+++ DATASET CONTENT
Theorem theorem3p4 (F : finFieldType) (L : fieldExtType F) (s : nat)
  (hq : (3 <= #|F|)%N) (hs : (1 <= s)%N) (hL : \dim {:L} = s)
  (P : {poly F}) :
  (c_wieferich P /\ non_fixed P /\ size P = s.+1) <->
  ([/\ P \is monic, irreducible_poly P &
    exists alpha : L,
      [/\ adjoin_degree 1%VS alpha = s,
          trace_q #|F| s alpha = 0,
          ('X ^+ #|F| - 'X - alpha%:P) %| Fseq L #|F| s.-1 &
          exists R0 : {poly F},
            map_poly (in_alg L) R0 = Rpoly #|F| s alpha /\ P %| R0]]).
Proof.
split=> [[[monicP irrP wieferichP] [non_fixedP sizeP]] | [monicP irrP]].
  have [y rootPy] := irreducible_exists_root hL monicP irrP sizeP.
  split=> //; exists (y ^+ #|F| - y); split.
  - by rewrite (non_fixed_root monicP irrP rootPy).1 ?sizeP.
  - exact: trace_artin_schreier.
  - rewrite -(dvdp_Fseq_root irrP rootPy) -[s.-1]/(s.+1).-2 -sizeP.
    by rewrite -(wieferich_root monicP irrP rootPy).
  exists (\prod_(c : F) (P \Po ('X - c%:P))); split.
    by rewrite (map_prod_comp_XsubC monicP irrP rootPy) sizeP.
  by rewrite (bigD1 0) //= subr0 comp_polyXr dvdp_mulr.
case=> a [deg_a trace_a dvd_a [R0 [R0E P_dvd]]].
have [y rootPy def_a] := exists_root_artin_schreier hL irrP trace_a R0E P_dvd.
rewrite -def_a in deg_a dvd_a.
have sizeP := size_root_artin_schreier hL irrP rootPy deg_a.
split; [split=> // | split=> //].
  by rewrite (wieferich_root monicP irrP rootPy) sizeP (dvdp_Fseq_root irrP rootPy).
by apply/(non_fixed_root monicP irrP rootPy); rewrite deg_a sizeP.
Qed.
++++++
- TO DO:
The lines to copy are those in the listing that contain "rewrite".

- SOLUTION TO THIS PROBLEM:
  - by rewrite (non_fixed_root monicP irrP rootPy).1 ?sizeP.
  - rewrite -(dvdp_Fseq_root irrP rootPy) -[s.-1]/(s.+1).-2 -sizeP.
    by rewrite -(wieferich_root monicP irrP rootPy).
    by rewrite (map_prod_comp_XsubC monicP irrP rootPy) sizeP.
  by rewrite (bigD1 0) //= subr0 comp_polyXr dvdp_mulr.
rewrite -def_a in deg_a dvd_a.
  by rewrite (wieferich_root monicP irrP rootPy) sizeP (dvdp_Fseq_root irrP rootPy).
by apply/(non_fixed_root monicP irrP rootPy); rewrite deg_a sizeP.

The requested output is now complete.